- Required work
Exactly as given, restate each record that follows.

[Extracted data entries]
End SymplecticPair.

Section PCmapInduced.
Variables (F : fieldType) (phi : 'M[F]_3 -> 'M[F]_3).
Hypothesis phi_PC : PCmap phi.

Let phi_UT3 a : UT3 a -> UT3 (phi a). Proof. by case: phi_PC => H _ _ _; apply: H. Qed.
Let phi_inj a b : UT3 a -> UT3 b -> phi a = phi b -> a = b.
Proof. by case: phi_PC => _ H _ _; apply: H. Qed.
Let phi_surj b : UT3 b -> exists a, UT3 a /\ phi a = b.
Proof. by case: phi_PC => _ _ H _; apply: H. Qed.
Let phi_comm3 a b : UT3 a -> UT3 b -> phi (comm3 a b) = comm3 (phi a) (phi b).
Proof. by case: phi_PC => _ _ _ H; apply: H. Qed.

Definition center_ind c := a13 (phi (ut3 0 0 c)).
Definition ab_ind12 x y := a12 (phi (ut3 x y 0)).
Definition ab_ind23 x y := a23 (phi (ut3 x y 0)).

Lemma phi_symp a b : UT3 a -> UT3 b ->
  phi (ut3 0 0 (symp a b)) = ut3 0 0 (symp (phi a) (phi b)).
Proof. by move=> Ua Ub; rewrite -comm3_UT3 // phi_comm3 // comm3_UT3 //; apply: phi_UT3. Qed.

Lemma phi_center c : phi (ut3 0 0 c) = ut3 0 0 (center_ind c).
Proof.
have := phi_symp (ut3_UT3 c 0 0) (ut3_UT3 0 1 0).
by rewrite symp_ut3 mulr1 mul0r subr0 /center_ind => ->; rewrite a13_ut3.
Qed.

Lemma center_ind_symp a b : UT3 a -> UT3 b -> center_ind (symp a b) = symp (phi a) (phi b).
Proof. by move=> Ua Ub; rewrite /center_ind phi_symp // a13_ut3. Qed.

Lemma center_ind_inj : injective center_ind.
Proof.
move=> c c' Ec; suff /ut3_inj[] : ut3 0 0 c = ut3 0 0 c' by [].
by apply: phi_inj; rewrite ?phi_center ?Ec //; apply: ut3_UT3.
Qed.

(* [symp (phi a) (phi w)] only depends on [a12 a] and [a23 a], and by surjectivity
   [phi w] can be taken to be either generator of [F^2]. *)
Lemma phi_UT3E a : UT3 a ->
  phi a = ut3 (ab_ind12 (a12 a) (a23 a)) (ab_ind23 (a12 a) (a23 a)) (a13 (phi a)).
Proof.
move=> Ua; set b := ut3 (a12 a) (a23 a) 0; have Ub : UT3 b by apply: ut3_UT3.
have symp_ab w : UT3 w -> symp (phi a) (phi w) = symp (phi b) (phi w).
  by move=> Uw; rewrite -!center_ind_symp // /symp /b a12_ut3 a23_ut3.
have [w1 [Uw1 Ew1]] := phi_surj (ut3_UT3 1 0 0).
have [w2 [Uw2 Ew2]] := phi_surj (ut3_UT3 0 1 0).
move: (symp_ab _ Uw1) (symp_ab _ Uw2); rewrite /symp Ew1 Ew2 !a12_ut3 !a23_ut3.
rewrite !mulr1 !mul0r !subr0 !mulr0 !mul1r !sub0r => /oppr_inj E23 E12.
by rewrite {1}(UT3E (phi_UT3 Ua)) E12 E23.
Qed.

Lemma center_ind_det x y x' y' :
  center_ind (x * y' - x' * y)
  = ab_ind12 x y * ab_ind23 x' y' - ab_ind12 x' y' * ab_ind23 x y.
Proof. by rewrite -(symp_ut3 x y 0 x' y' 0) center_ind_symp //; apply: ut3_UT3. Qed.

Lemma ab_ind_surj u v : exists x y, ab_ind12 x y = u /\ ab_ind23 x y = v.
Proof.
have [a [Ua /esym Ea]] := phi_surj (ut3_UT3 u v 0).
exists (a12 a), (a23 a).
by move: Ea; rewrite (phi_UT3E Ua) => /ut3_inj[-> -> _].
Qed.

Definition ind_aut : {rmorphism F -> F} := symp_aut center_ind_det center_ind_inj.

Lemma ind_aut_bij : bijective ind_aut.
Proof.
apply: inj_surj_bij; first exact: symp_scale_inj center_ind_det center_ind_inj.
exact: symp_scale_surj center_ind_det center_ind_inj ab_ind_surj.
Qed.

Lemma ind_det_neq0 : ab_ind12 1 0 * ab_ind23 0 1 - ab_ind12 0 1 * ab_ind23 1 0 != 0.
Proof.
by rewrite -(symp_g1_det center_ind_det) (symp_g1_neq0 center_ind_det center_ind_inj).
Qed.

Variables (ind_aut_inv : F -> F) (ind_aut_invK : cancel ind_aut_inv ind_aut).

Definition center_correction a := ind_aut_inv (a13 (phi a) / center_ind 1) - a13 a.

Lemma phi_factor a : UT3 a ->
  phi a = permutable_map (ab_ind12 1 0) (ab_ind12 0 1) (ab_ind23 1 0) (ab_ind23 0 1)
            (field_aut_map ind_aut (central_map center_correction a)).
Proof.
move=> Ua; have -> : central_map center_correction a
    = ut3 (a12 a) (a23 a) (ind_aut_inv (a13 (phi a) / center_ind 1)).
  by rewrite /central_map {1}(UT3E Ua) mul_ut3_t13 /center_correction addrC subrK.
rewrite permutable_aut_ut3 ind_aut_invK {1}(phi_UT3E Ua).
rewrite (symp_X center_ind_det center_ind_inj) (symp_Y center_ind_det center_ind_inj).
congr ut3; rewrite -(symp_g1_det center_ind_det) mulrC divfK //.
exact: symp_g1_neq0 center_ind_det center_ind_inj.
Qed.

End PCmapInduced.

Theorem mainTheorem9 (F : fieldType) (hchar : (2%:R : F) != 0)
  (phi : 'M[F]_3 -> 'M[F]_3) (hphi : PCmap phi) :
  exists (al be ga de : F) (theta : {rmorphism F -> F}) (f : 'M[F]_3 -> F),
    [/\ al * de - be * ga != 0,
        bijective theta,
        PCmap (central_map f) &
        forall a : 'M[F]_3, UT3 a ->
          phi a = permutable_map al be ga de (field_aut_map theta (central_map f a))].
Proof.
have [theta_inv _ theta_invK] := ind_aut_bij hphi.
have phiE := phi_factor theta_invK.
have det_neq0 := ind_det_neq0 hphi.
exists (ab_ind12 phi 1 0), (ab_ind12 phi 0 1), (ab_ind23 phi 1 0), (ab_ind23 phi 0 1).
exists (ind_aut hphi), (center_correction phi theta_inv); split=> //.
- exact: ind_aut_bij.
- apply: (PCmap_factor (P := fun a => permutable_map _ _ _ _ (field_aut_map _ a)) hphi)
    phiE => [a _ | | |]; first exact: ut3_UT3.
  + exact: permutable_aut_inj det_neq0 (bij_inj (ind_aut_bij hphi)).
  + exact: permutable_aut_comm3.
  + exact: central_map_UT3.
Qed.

- Solution to this task
End SymplecticPair.

Section PCmapInduced.
Variables (F : fieldType) (phi : 'M[F]_3 -> 'M[F]_3).
Hypothesis phi_PC : PCmap phi.

Let phi_UT3 a : UT3 a -> UT3 (phi a). Proof. by case: phi_PC => H _ _ _; apply: H. Qed.
Let phi_inj a b : UT3 a -> UT3 b -> phi a = phi b -> a = b.
Proof. by case: phi_PC => _ H _ _; apply: H. Qed.
Let phi_surj b : UT3 b -> exists a, UT3 a /\ phi a = b.
Proof. by case: phi_PC => _ _ H _; apply: H. Qed.
Let phi_comm3 a b : UT3 a -> UT3 b -> phi (comm3 a b) = comm3 (phi a) (phi b).
Proof. by case: phi_PC => _ _ _ H; apply: H. Qed.

Definition center_ind c := a13 (phi (ut3 0 0 c)).
Definition ab_ind12 x y := a12 (phi (ut3 x y 0)).
Definition ab_ind23 x y := a23 (phi (ut3 x y 0)).

Lemma phi_symp a b : UT3 a -> UT3 b ->
  phi (ut3 0 0 (symp a b)) = ut3 0 0 (symp (phi a) (phi b)).
Proof. by move=> Ua Ub; rewrite -comm3_UT3 // phi_comm3 // comm3_UT3 //; apply: phi_UT3. Qed.

Lemma phi_center c : phi (ut3 0 0 c) = ut3 0 0 (center_ind c).
Proof.
have := phi_symp (ut3_UT3 c 0 0) (ut3_UT3 0 1 0).
by rewrite symp_ut3 mulr1 mul0r subr0 /center_ind => ->; rewrite a13_ut3.
Qed.

Lemma center_ind_symp a b : UT3 a -> UT3 b -> center_ind (symp a b) = symp (phi a) (phi b).
Proof. by move=> Ua Ub; rewrite /center_ind phi_symp // a13_ut3. Qed.

Lemma center_ind_inj : injective center_ind.
Proof.
move=> c c' Ec; suff /ut3_inj[] : ut3 0 0 c = ut3 0 0 c' by [].
by apply: phi_inj; rewrite ?phi_center ?Ec //; apply: ut3_UT3.
Qed.

(* [symp (phi a) (phi w)] only depends on [a12 a] and [a23 a], and by surjectivity
   [phi w] can be taken to be either generator of [F^2]. *)
Lemma phi_UT3E a : UT3 a ->
  phi a = ut3 (ab_ind12 (a12 a) (a23 a)) (ab_ind23 (a12 a) (a23 a)) (a13 (phi a)).
Proof.
move=> Ua; set b := ut3 (a12 a) (a23 a) 0; have Ub : UT3 b by apply: ut3_UT3.
have symp_ab w : UT3 w -> symp (phi a) (phi w) = symp (phi b) (phi w).
  by move=> Uw; rewrite -!center_ind_symp // /symp /b a12_ut3 a23_ut3.
have [w1 [Uw1 Ew1]] := phi_surj (ut3_UT3 1 0 0).
have [w2 [Uw2 Ew2]] := phi_surj (ut3_UT3 0 1 0).
move: (symp_ab _ Uw1) (symp_ab _ Uw2); rewrite /symp Ew1 Ew2 !a12_ut3 !a23_ut3.
rewrite !mulr1 !mul0r !subr0 !mulr0 !mul1r !sub0r => /oppr_inj E23 E12.
by rewrite {1}(UT3E (phi_UT3 Ua)) E12 E23.
Qed.

Lemma center_ind_det x y x' y' :
  center_ind (x * y' - x' * y)
  = ab_ind12 x y * ab_ind23 x' y' - ab_ind12 x' y' * ab_ind23 x y.
Proof. by rewrite -(symp_ut3 x y 0 x' y' 0) center_ind_symp //; apply: ut3_UT3. Qed.

Lemma ab_ind_surj u v : exists x y, ab_ind12 x y = u /\ ab_ind23 x y = v.
Proof.
have [a [Ua /esym Ea]] := phi_surj (ut3_UT3 u v 0).
exists (a12 a), (a23 a).
by move: Ea; rewrite (phi_UT3E Ua) => /ut3_inj[-> -> _].
Qed.

Definition ind_aut : {rmorphism F -> F} := symp_aut center_ind_det center_ind_inj.

Lemma ind_aut_bij : bijective ind_aut.
Proof.
apply: inj_surj_bij; first exact: symp_scale_inj center_ind_det center_ind_inj.
exact: symp_scale_surj center_ind_det center_ind_inj ab_ind_surj.
Qed.

Lemma ind_det_neq0 : ab_ind12 1 0 * ab_ind23 0 1 - ab_ind12 0 1 * ab_ind23 1 0 != 0.
Proof.
by rewrite -(symp_g1_det center_ind_det) (symp_g1_neq0 center_ind_det center_ind_inj).
Qed.

Variables (ind_aut_inv : F -> F) (ind_aut_invK : cancel ind_aut_inv ind_aut).

Definition center_correction a := ind_aut_inv (a13 (phi a) / center_ind 1) - a13 a.

Lemma phi_factor a : UT3 a ->
  phi a = permutable_map (ab_ind12 1 0) (ab_ind12 0 1) (ab_ind23 1 0) (ab_ind23 0 1)
            (field_aut_map ind_aut (central_map center_correction a)).
Proof.
move=> Ua; have -> : central_map center_correction a
    = ut3 (a12 a) (a23 a) (ind_aut_inv (a13 (phi a) / center_ind 1)).
  by rewrite /central_map {1}(UT3E Ua) mul_ut3_t13 /center_correction addrC subrK.
rewrite permutable_aut_ut3 ind_aut_invK {1}(phi_UT3E Ua).
rewrite (symp_X center_ind_det center_ind_inj) (symp_Y center_ind_det center_ind_inj).
congr ut3; rewrite -(symp_g1_det center_ind_det) mulrC divfK //.
exact: symp_g1_neq0 center_ind_det center_ind_inj.
Qed.

End PCmapInduced.

Theorem mainTheorem9 (F : fieldType) (hchar : (2%:R : F) != 0)
  (phi : 'M[F]_3 -> 'M[F]_3) (hphi : PCmap phi) :
  exists (al be ga de : F) (theta : {rmorphism F -> F}) (f : 'M[F]_3 -> F),
    [/\ al * de - be * ga != 0,
        bijective theta,
        PCmap (central_map f) &
        forall a : 'M[F]_3, UT3 a ->
          phi a = permutable_map al be ga de (field_aut_map theta (central_map f a))].
Proof.
have [theta_inv _ theta_invK] := ind_aut_bij hphi.
have phiE := phi_factor theta_invK.
have det_neq0 := ind_det_neq0 hphi.
exists (ab_ind12 phi 1 0), (ab_ind12 phi 0 1), (ab_ind23 phi 1 0), (ab_ind23 phi 0 1).
exists (ind_aut hphi), (center_correction phi theta_inv); split=> //.
- exact: ind_aut_bij.
- apply: (PCmap_factor (P := fun a => permutable_map _ _ _ _ (field_aut_map _ a)) hphi)
    phiE => [a _ | | |]; first exact: ut3_UT3.
  + exact: permutable_aut_inj det_neq0 (bij_inj (ind_aut_bij hphi)).
  + exact: permutable_aut_comm3.
  + exact: central_map_UT3.
Qed.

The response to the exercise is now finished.